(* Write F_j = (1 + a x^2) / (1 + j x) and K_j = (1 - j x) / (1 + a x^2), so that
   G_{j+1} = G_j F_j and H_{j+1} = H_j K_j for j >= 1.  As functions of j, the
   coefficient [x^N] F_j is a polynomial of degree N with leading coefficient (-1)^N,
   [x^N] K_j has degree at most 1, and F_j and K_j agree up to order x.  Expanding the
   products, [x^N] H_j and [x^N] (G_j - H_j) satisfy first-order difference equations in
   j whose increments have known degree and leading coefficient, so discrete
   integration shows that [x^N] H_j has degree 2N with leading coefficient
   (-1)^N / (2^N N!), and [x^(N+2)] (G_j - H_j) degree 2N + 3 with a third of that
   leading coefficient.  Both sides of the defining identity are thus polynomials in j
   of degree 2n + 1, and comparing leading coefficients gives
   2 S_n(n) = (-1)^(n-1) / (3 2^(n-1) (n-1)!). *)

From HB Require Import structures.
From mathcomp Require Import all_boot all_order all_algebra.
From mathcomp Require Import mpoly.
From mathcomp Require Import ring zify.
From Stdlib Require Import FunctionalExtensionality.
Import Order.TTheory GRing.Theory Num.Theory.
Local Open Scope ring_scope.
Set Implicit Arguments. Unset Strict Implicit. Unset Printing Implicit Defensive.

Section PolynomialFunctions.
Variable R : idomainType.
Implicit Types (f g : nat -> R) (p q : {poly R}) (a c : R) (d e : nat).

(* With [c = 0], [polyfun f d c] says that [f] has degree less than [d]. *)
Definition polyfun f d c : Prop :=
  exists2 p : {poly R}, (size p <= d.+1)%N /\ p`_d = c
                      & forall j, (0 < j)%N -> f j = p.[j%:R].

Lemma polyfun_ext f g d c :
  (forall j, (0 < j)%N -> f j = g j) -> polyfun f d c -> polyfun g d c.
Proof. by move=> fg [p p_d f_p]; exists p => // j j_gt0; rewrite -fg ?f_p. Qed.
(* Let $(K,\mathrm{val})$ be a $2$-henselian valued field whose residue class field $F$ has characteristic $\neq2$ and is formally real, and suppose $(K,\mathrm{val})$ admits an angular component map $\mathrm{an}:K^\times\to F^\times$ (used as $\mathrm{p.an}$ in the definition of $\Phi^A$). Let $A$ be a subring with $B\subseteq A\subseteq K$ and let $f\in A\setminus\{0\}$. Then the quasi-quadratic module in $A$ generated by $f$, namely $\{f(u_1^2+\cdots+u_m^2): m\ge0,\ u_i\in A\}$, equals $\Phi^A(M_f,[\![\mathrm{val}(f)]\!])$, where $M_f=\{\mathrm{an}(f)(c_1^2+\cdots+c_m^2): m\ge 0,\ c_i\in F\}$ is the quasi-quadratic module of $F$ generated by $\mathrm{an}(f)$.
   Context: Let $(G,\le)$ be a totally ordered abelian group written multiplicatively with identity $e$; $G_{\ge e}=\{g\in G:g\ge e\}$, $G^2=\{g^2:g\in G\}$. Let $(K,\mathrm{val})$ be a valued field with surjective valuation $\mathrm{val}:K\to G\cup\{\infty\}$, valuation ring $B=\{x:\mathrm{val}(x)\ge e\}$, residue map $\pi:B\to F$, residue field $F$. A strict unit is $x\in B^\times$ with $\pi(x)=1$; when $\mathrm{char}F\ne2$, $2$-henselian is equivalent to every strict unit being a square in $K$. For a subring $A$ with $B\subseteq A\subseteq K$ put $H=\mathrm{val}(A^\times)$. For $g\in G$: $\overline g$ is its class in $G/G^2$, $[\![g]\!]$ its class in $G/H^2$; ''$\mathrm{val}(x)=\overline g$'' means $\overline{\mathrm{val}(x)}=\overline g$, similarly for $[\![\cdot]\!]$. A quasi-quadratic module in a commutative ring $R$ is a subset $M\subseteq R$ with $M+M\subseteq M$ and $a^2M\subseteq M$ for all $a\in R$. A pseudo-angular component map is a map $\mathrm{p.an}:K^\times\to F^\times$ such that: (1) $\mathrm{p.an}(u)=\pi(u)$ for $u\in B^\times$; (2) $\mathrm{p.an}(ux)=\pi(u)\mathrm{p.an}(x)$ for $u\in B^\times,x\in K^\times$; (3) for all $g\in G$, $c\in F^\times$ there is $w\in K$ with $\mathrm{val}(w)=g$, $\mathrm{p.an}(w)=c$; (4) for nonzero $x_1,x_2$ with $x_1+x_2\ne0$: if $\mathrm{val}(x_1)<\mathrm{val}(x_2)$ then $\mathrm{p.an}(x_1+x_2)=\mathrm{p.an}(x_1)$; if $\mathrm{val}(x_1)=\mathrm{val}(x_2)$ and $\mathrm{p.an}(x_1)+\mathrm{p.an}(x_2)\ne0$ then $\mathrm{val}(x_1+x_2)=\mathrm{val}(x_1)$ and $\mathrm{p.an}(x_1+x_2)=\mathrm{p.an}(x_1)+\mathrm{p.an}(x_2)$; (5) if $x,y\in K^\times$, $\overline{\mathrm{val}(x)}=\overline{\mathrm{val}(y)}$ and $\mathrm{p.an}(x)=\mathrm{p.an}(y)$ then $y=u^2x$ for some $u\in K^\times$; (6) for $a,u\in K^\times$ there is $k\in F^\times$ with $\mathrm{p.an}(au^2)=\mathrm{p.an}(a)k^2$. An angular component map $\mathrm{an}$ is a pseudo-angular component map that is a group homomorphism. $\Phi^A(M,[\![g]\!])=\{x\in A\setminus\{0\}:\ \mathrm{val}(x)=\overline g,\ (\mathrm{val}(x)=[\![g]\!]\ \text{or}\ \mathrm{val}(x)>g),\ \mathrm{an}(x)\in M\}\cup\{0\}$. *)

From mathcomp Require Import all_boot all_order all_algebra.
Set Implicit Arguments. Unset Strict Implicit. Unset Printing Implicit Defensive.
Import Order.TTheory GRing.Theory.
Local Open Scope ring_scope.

※

▸ Exercise prompt
Take the records above and return them exactly as written.

▸ Answer box
(* Write F_j = (1 + a x^2) / (1 + j x) and K_j = (1 - j x) / (1 + a x^2), so that
   G_{j+1} = G_j F_j and H_{j+1} = H_j K_j for j >= 1.  As functions of j, the
   coefficient [x^N] F_j is a polynomial of degree N with leading coefficient (-1)^N,
   [x^N] K_j has degree at most 1, and F_j and K_j agree up to order x.  Expanding the
   products, [x^N] H_j and [x^N] (G_j - H_j) satisfy first-order difference equations in
   j whose increments have known degree and leading coefficient, so discrete
   integration shows that [x^N] H_j has degree 2N with leading coefficient
   (-1)^N / (2^N N!), and [x^(N+2)] (G_j - H_j) degree 2N + 3 with a third of that
   leading coefficient.  Both sides of the defining identity are thus polynomials in j
   of degree 2n + 1, and comparing leading coefficients gives
   2 S_n(n) = (-1)^(n-1) / (3 2^(n-1) (n-1)!). *)

From HB Require Import structures.
From mathcomp Require Import all_boot all_order all_algebra.
From mathcomp Require Import mpoly.
From mathcomp Require Import ring zify.
From Stdlib Require Import FunctionalExtensionality.
Import Order.TTheory GRing.Theory Num.Theory.
Local Open Scope ring_scope.
Set Implicit Arguments. Unset Strict Implicit. Unset Printing Implicit Defensive.

Section PolynomialFunctions.
Variable R : idomainType.
Implicit Types (f g : nat -> R) (p q : {poly R}) (a c : R) (d e : nat).

(* With [c = 0], [polyfun f d c] says that [f] has degree less than [d]. *)
Definition polyfun f d c : Prop :=
  exists2 p : {poly R}, (size p <= d.+1)%N /\ p`_d = c
                      & forall j, (0 < j)%N -> f j = p.[j%:R].

Lemma polyfun_ext f g d c :
  (forall j, (0 < j)%N -> f j = g j) -> polyfun f d c -> polyfun g d c.
Proof. by move=> fg [p p_d f_p]; exists p => // j j_gt0; rewrite -fg ?f_p. Qed.
(* Let $(K,\mathrm{val})$ be a $2$-henselian valued field whose residue class field $F$ has characteristic $\neq2$ and is formally real, and suppose $(K,\mathrm{val})$ admits an angular component map $\mathrm{an}:K^\times\to F^\times$ (used as $\mathrm{p.an}$ in the definition of $\Phi^A$). Let $A$ be a subring with $B\subseteq A\subseteq K$ and let $f\in A\setminus\{0\}$. Then the quasi-quadratic module in $A$ generated by $f$, namely $\{f(u_1^2+\cdots+u_m^2): m\ge0,\ u_i\in A\}$, equals $\Phi^A(M_f,[\![\mathrm{val}(f)]\!])$, where $M_f=\{\mathrm{an}(f)(c_1^2+\cdots+c_m^2): m\ge 0,\ c_i\in F\}$ is the quasi-quadratic module of $F$ generated by $\mathrm{an}(f)$.
   Context: Let $(G,\le)$ be a totally ordered abelian group written multiplicatively with identity $e$; $G_{\ge e}=\{g\in G:g\ge e\}$, $G^2=\{g^2:g\in G\}$. Let $(K,\mathrm{val})$ be a valued field with surjective valuation $\mathrm{val}:K\to G\cup\{\infty\}$, valuation ring $B=\{x:\mathrm{val}(x)\ge e\}$, residue map $\pi:B\to F$, residue field $F$. A strict unit is $x\in B^\times$ with $\pi(x)=1$; when $\mathrm{char}F\ne2$, $2$-henselian is equivalent to every strict unit being a square in $K$. For a subring $A$ with $B\subseteq A\subseteq K$ put $H=\mathrm{val}(A^\times)$. For $g\in G$: $\overline g$ is its class in $G/G^2$, $[\![g]\!]$ its class in $G/H^2$; ''$\mathrm{val}(x)=\overline g$'' means $\overline{\mathrm{val}(x)}=\overline g$, similarly for $[\![\cdot]\!]$. A quasi-quadratic module in a commutative ring $R$ is a subset $M\subseteq R$ with $M+M\subseteq M$ and $a^2M\subseteq M$ for all $a\in R$. A pseudo-angular component map is a map $\mathrm{p.an}:K^\times\to F^\times$ such that: (1) $\mathrm{p.an}(u)=\pi(u)$ for $u\in B^\times$; (2) $\mathrm{p.an}(ux)=\pi(u)\mathrm{p.an}(x)$ for $u\in B^\times,x\in K^\times$; (3) for all $g\in G$, $c\in F^\times$ there is $w\in K$ with $\mathrm{val}(w)=g$, $\mathrm{p.an}(w)=c$; (4) for nonzero $x_1,x_2$ with $x_1+x_2\ne0$: if $\mathrm{val}(x_1)<\mathrm{val}(x_2)$ then $\mathrm{p.an}(x_1+x_2)=\mathrm{p.an}(x_1)$; if $\mathrm{val}(x_1)=\mathrm{val}(x_2)$ and $\mathrm{p.an}(x_1)+\mathrm{p.an}(x_2)\ne0$ then $\mathrm{val}(x_1+x_2)=\mathrm{val}(x_1)$ and $\mathrm{p.an}(x_1+x_2)=\mathrm{p.an}(x_1)+\mathrm{p.an}(x_2)$; (5) if $x,y\in K^\times$, $\overline{\mathrm{val}(x)}=\overline{\mathrm{val}(y)}$ and $\mathrm{p.an}(x)=\mathrm{p.an}(y)$ then $y=u^2x$ for some $u\in K^\times$; (6) for $a,u\in K^\times$ there is $k\in F^\times$ with $\mathrm{p.an}(au^2)=\mathrm{p.an}(a)k^2$. An angular component map $\mathrm{an}$ is a pseudo-angular component map that is a group homomorphism. $\Phi^A(M,[\![g]\!])=\{x\in A\setminus\{0\}:\ \mathrm{val}(x)=\overline g,\ (\mathrm{val}(x)=[\![g]\!]\ \text{or}\ \mathrm{val}(x)>g),\ \mathrm{an}(x)\in M\}\cup\{0\}$. *)

From mathcomp Require Import all_boot all_order all_algebra.
Set Implicit Arguments. Unset Strict Implicit. Unset Printing Implicit Defensive.
Import Order.TTheory GRing.Theory.
Local Open Scope ring_scope.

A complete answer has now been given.